*EXERCISE DESCRIPTION*.
Each line in the entries below that holds the string "apply" must be copied.

════════════════

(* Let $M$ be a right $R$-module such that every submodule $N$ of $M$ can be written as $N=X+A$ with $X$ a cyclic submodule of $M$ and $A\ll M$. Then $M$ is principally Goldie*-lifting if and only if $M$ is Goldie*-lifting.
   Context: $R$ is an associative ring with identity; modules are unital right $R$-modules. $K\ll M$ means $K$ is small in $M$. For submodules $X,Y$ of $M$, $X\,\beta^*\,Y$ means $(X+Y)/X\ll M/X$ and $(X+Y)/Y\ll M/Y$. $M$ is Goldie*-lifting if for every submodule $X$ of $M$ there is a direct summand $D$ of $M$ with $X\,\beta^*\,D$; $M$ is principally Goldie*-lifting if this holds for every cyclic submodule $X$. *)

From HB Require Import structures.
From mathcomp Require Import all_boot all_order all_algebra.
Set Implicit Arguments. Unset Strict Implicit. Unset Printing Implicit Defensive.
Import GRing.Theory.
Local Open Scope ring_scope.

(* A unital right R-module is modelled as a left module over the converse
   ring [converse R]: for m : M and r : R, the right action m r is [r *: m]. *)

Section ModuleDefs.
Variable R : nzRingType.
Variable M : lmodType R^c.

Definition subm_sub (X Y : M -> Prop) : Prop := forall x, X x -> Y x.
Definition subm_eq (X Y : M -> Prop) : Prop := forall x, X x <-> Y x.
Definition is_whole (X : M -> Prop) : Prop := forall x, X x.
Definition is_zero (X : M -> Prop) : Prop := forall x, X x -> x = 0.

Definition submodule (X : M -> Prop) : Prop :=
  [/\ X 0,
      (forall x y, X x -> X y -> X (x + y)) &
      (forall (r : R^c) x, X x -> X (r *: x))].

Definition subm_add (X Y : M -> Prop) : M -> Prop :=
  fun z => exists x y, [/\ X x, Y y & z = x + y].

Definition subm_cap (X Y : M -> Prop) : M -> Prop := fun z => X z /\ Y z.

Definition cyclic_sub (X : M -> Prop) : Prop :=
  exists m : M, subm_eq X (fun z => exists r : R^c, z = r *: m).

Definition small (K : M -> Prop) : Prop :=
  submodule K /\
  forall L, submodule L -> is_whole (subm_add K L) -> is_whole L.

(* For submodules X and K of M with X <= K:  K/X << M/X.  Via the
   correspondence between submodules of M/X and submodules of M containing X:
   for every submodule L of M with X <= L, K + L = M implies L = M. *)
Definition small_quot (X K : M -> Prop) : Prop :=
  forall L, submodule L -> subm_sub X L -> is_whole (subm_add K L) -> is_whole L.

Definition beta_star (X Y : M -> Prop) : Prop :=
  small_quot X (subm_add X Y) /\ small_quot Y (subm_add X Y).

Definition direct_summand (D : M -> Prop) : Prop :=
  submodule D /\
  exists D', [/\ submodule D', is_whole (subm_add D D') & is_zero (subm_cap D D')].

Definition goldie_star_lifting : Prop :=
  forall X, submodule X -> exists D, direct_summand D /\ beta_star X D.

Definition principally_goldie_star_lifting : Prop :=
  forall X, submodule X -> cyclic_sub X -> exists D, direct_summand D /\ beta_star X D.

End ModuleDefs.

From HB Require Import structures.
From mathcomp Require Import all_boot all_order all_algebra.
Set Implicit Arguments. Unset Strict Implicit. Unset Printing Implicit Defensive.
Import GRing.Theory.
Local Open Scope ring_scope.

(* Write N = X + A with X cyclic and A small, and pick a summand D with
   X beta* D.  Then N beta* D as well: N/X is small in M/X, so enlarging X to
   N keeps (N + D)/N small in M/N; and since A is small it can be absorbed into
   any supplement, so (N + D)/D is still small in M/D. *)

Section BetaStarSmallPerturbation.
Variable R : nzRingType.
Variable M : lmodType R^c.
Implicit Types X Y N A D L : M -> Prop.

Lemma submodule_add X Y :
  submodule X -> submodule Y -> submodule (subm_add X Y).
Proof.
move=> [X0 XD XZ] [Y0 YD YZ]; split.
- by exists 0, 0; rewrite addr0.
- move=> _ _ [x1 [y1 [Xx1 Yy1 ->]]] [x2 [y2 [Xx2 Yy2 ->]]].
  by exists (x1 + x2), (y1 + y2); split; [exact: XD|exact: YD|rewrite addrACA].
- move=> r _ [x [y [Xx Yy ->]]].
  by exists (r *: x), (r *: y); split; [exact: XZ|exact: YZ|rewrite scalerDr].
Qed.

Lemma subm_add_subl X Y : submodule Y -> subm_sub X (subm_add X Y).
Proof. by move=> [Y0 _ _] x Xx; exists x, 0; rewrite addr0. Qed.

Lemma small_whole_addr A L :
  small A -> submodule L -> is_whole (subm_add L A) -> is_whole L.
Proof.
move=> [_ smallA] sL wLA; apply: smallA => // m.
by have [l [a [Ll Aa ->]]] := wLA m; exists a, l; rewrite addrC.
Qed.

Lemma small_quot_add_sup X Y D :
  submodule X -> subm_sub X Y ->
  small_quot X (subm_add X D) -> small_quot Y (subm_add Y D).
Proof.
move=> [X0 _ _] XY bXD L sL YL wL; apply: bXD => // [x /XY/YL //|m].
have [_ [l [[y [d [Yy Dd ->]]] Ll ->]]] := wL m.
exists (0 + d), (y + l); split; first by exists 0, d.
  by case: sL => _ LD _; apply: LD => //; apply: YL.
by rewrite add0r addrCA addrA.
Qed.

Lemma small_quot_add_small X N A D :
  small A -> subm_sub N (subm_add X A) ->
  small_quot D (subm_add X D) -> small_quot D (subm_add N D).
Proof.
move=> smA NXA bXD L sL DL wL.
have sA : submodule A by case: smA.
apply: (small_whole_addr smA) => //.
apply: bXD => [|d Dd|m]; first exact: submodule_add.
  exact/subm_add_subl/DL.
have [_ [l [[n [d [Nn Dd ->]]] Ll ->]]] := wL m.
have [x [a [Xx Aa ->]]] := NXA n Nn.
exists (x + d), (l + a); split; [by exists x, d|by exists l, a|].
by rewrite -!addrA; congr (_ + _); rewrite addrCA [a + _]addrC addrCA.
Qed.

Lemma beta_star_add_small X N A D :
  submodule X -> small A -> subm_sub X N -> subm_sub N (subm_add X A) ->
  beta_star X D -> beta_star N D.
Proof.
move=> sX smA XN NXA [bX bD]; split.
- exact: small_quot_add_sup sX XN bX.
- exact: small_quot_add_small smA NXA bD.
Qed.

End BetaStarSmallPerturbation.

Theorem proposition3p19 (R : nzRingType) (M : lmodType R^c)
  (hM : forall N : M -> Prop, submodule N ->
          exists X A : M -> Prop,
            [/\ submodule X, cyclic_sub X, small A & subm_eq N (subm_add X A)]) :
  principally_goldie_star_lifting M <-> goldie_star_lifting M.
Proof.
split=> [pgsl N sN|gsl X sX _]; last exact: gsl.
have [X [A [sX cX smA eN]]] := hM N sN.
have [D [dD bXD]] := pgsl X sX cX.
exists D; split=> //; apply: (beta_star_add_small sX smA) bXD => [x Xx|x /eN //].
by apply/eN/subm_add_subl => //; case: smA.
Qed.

════════════════

*COMPLETED EXERCISE*.
move=> [_ smallA] sL wLA; apply: smallA => // m.
move=> [X0 _ _] XY bXD L sL YL wL; apply: bXD => // [x /XY/YL //|m].
  by case: sL => _ LD _; apply: LD => //; apply: YL.
apply: (small_whole_addr smA) => //.
apply: bXD => [|d Dd|m]; first exact: submodule_add.
exists D; split=> //; apply: (beta_star_add_small sX smA) bXD => [x Xx|x /eN //].
by apply/eN/subm_add_subl => //; case: smA.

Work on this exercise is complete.